- **Data records**:
<<<<

Lemma infinite_sum_ext (u v : nat -> R) (l : R) :
  (forall n, u n = v n) -> infinite_sum u l -> infinite_sum v l.
Proof.
  intros huv hu e he; destruct (hu e he) as [N hN]; exists N; intros n hn.
  rewrite <- (sum_eq u v n) by (intros; apply huv); apply hN, hn.
Qed.

Lemma infinite_sum_0 : infinite_sum (fun _ => 0) 0.
Proof.
  intros e he; exists O; intros n _.
  unfold Rdist; rewrite sum_cte, Rmult_0_l, Rminus_diag, Rabs_R0; exact he.
Qed.

Lemma infinite_sum_shift (u : nat -> R) (m : nat) (l : R) :
  (forall n, (n < m)%nat -> u n = 0) ->
  infinite_sum (fun k => u (m + k)%nat) l -> infinite_sum u l.
Proof.
  intros hlow hs.
  assert (partial : forall k, sum_f_R0 u (m + k) = sum_f_R0 (fun j => u (m + j)%nat) k).
  { assert (head : forall n, (n < m)%nat -> sum_f_R0 u n = 0).
    { induction n as [|n IH]; intro hn; simpl; [apply hlow; lia|].
      rewrite IH, hlow by lia; ring. }
    induction k as [|k IH].
    - destruct m as [|m]; [reflexivity|].
      simpl; rewrite !Nat.add_0_r, head by lia; ring.
    - rewrite Nat.add_succ_r; simpl; rewrite IH, Nat.add_succ_r; reflexivity. }
  intros e he; destruct (hs e he) as [N hN]; exists (m + N)%nat; intros n hn.
  replace n with (m + (n - m))%nat by lia.
  rewrite partial; apply hN; lia.
Qed.

Lemma Cseries_unique t l1 l2 : Cseries t l1 -> Cseries t l2 -> l1 = l2.
Proof.
  intros [h1 h1'] [h2 h2']; destruct l1, l2; simpl in *.
  f_equal; eapply uniqueness_sum; eauto.
Qed.
Definition local_bounds (f : R -> V3 -> V3) (t0 : R) (x : V3) (A : M3) (rho : R)
  (G : nat -> nat -> R -> V3 -> R) (H : nat -> nat -> nat -> R -> V3 -> R) (M2 Fb e1 : R) : Prop :=
  forall s z, Rabs (s - t0) < rho -> cube x rho z ->
   (forall i k, (i < 3)%nat -> (k < 3)%nat -> partial (fc f i) (S k) s z (G i k s z)) /\
   (forall i k j, (i < 3)%nat -> (k < 3)%nat -> (j < 3)%nat -> partial (G i k) (S j) s z (H i k j s z)) /\
   (forall i k j, (i < 3)%nat -> (k < 3)%nat -> (j < 3)%nat -> Rabs (H i k j s z) <= M2) /\
   (forall i k, (i < 3)%nat -> (k < 3)%nat -> Rabs (G i k s z - A i k) <= e1) /\
   (forall i, (i < 3)%nat -> Rabs (fc f i s z) <= Fb).

Lemma cube_dist x rho s t0 z : Rabs (s - t0) < rho -> cube x rho z ->
  Rabs (s - t0) + n1 (vsub z x) < 4 * rho.
Proof. intros Hs [Hz0 [Hz1 Hz2]]. unfold n1, vsub; simpl. lra. Qed.

Lemma local_bounds_exist D f t0 x A :
  open_domain D -> C3_field D f -> D t0 x -> spatial_jacobian f t0 x A ->
  forall e1, 0 < e1 -> exists rho G H M2 Fb, 0 < rho /\ local_bounds f t0 x A rho G H M2 Fb e1.
Proof.
  intros Ho Hf Hx HA e1 He1.
  destruct (C3_field_second_partials D f Hf) as [G [H [HG HH]]].
  assert (HGA : forall i k, (i < 3)%nat -> (k < 3)%nat -> G i k t0 x = A i k)
    by (intros i k Hi Hk; exact (uniqueness_limite _ _ _ _ (proj1 (HG i k Hi Hk) t0 x Hx) (HA i k Hi Hk))).
  set (M2 := max3 (fun i => max3 (fun k => max3 (fun j => Rabs (H i k j t0 x) + 1)))).
  set (Fb := max3 (fun i => Rabs (fc f i t0 x) + 1)).
  assert (Hnear : near t0 x (fun s z => D s z /\
     (forall i, (i < 3)%nat -> forall k, (k < 3)%nat -> forall j, (j < 3)%nat ->
        Rabs (H i k j s z - H i k j t0 x) < 1) /\
     (forall i, (i < 3)%nat -> forall k, (k < 3)%nat -> Rabs (G i k s z - G i k t0 x) < e1) /\
     (forall i, (i < 3)%nat -> Rabs (fc f i s z - fc f i t0 x) < 1))).
  { repeat apply near_and.
    - apply near_domain; assumption.
    - do 3 (apply near_forall_lt; intros ? ?). apply (near_cont_on D); [..|lra]; auto.
      apply HH; assumption.
    - do 2 (apply near_forall_lt; intros ? ?). apply (near_cont_on D); auto. apply HG; assumption.
    - apply near_forall_lt; intros i Hi. apply (near_cont_on D); [..|lra]; auto. apply Hf; exact Hi. }
  destruct Hnear as [r [Hr Hn]].
  exists (r / 4), G, H, M2, Fb. split; [lra|].
  intros s z Hs Hz.
  destruct (Hn s z ltac:(pose proof (cube_dist x (r / 4) s t0 z Hs Hz); lra)) as [HD [HHnear [HGnear Hfnear]]].
  split; [|split; [|split; [|split]]].
  - intros i k Hi Hk. apply (HG i k Hi Hk); exact HD.
  - intros i k j Hi Hk Hj. apply (HH i k j Hi Hk Hj); exact HD.
  - intros i k j Hi Hk Hj. specialize (HHnear i Hi k Hk j Hj).
    pose proof (Rabs_triang_inv (H i k j s z) (H i k j t0 x)).
    pose proof (max3_ge (fun j => Rabs (H i k j t0 x) + 1) j Hj).
    pose proof (max3_ge (fun k => max3 (fun j => Rabs (H i k j t0 x) + 1)) k Hk).
    pose proof (max3_ge (fun i => max3 (fun k => max3 (fun j => Rabs (H i k j t0 x) + 1))) i Hi).
    unfold M2. simpl in *. lra.
  - intros i k Hi Hk. rewrite <- HGA by assumption. left. apply HGnear; assumption.
  - intros i Hi. specialize (Hfnear i Hi).
    pose proof (Rabs_triang_inv (fc f i s z) (fc f i t0 x)).
    pose proof (max3_ge (fun i => Rabs (fc f i t0 x) + 1) i Hi). unfold Fb. simpl in *. lra.
Qed.

(** * Flow estimates *)

Lemma derivable_pt_lim_affine a b t : derivable_pt_lim (fun s => a * s + b) t a.
Proof.
  pose proof (derivable_pt_lim_plus (fun s => a * s) (fct_cte b) t a 0) as H.
  unfold plus_fct, fct_cte in H. rewrite Rplus_0_r in H. apply H; [|apply derivable_pt_lim_const].
  pose proof (derivable_pt_lim_scal id a t 1 (derivable_pt_lim_id t)) as Hs.
  rewrite Rmult_1_r in Hs. exact Hs.
Qed.

Lemma mrow_setk_deriv (A : M3) i z k : (k < 3)%nat ->
  derivable_pt_lim (fun t => mrow A i (setk z k t)) (cmp z k) (A i k).
Proof.
  intros Hk. destruct z as [[a b] c]. unfold mrow.
  destruct k as [|[|[|k]]]; try lia; simpl;
  [ replace (fun t => A i 0%nat * t + A i 1%nat * b + A i 2%nat * c)
      with (fun t => A i 0%nat * t + (A i 1%nat * b + A i 2%nat * c))
  | replace (fun t => A i 0%nat * a + A i 1%nat * t + A i 2%nat * c)
      with (fun t => A i 1%nat * t + (A i 0%nat * a + A i 2%nat * c))
  | replace (fun t => A i 0%nat * a + A i 1%nat * b + A i 2%nat * t)
      with (fun t => A i 2%nat * t + (A i 0%nat * a + A i 1%nat * b)) ];
  try (apply functional_extensionality; intro; ring); apply derivable_pt_lim_affine.
Qed.

Section FlowEstimates.

Variables (f : R -> V3 -> V3) (phi : R -> R -> V3 -> V3) (t0 : R) (x : V3) (A : M3)
  (rho : R) (G : nat -> nat -> R -> V3 -> R) (H : nat -> nat -> nat -> R -> V3 -> R)
  (M2 Fb e1 del r : R).
Hypothesis Hbounds : local_bounds f t0 x A rho G H M2 Fb e1.
Hypothesis Hrho : 0 < rho.
Hypothesis Hdel : 0 < del.
Hypothesis Hr : 0 < r.
Hypothesis He1 : 0 < e1.
Hypothesis Hflow : forall y, n1 (vsub y x) < r -> phi t0 t0 y = y /\
  forall tau, t0 - del < tau < t0 + del -> is_vderiv (fun s => phi s t0 y) tau (f tau (phi tau t0 y)).

(** [LL] bounds the spatial Lipschitz constant of [f] for [n1] near [(t0, x)]; [Y <= r] keeps
    initial data where the flow is given and [Y <= rho / 2] leaves room in the cube. *)
Definition LL : R := 9 * (mnorm A + e1).
Definition Y : R := Rmin r (rho / 2).
Definition Gm (s : R) (z : V3) : M3 := fun i k => G i k s z.

Lemma Y_pos : 0 < Y.
Proof. apply Rmin_pos; lra. Qed.

Lemma Y_le_r : Y <= r.
Proof. apply Rmin_l. Qed.

Lemma Y_le_rho : Y <= rho / 2.
Proof. apply Rmin_r. Qed.

Lemma local_bounds_center : Rabs (t0 - t0) < rho /\ cube x rho x.
Proof. rewrite Rminus_diag, Rabs_R0. split; [lra|apply cube_center; lra]. Qed.

Lemma M2_ge0 : 0 <= M2.
Proof.
  destruct local_bounds_center as [Hs Hz].
  destruct (Hbounds t0 x Hs Hz) as [_ [_ [P _]]].
  specialize (P 0%nat 0%nat 0%nat ltac:(lia) ltac:(lia) ltac:(lia)).
  pose proof (Rabs_pos (H 0%nat 0%nat 0%nat t0 x)). lra.
Qed.

Lemma Fb_ge0 : 0 <= Fb.
Proof.
  destruct local_bounds_center as [Hs Hz].
  destruct (Hbounds t0 x Hs Hz) as [_ [_ [_ [_ P]]]].
  specialize (P 0%nat ltac:(lia)). pose proof (Rabs_pos (fc f 0 t0 x)). lra.
Qed.

Lemma LL_ge0 : 0 <= LL.
Proof. unfold LL. pose proof (mnorm_ge0 A). lra. Qed.

Lemma G_entry_bound s z i k : Rabs (s - t0) < rho -> cube x rho z -> (i < 3)%nat -> (k < 3)%nat ->
  Rabs (G i k s z) <= mnorm A + e1.
Proof.
  intros Hs Hz Hi Hk. destruct (Hbounds s z Hs Hz) as [_ [_ [_ [P _]]]].
  specialize (P i k Hi Hk). pose proof (mnorm_entry A i k Hi Hk).
  pose proof (Rabs_triang (G i k s z - A i k) (A i k)).
  replace (G i k s z - A i k + A i k) with (G i k s z) in * by ring. lra.
Qed.

Lemma mnorm_Gm s z : Rabs (s - t0) < rho -> cube x rho z -> mnorm (Gm s z) <= LL.
Proof.
  intros Hs Hz. unfold mnorm, Gm, LL.
  pose proof (fun i k => G_entry_bound s z i k Hs Hz) as HG.
  pose proof (HG 0%nat 0%nat ltac:(lia) ltac:(lia)); pose proof (HG 0%nat 1%nat ltac:(lia) ltac:(lia));
  pose proof (HG 0%nat 2%nat ltac:(lia) ltac:(lia)); pose proof (HG 1%nat 0%nat ltac:(lia) ltac:(lia));
  pose proof (HG 1%nat 1%nat ltac:(lia) ltac:(lia)); pose proof (HG 1%nat 2%nat ltac:(lia) ltac:(lia));
  pose proof (HG 2%nat 0%nat ltac:(lia) ltac:(lia)); pose proof (HG 2%nat 1%nat ltac:(lia) ltac:(lia));
  pose proof (HG 2%nat 2%nat ltac:(lia) ltac:(lia)). lra.
Qed.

>>>>

- **To do**: Return one number, the count of lines in the records holding the word "Hbounds".

- **Written answer**: 4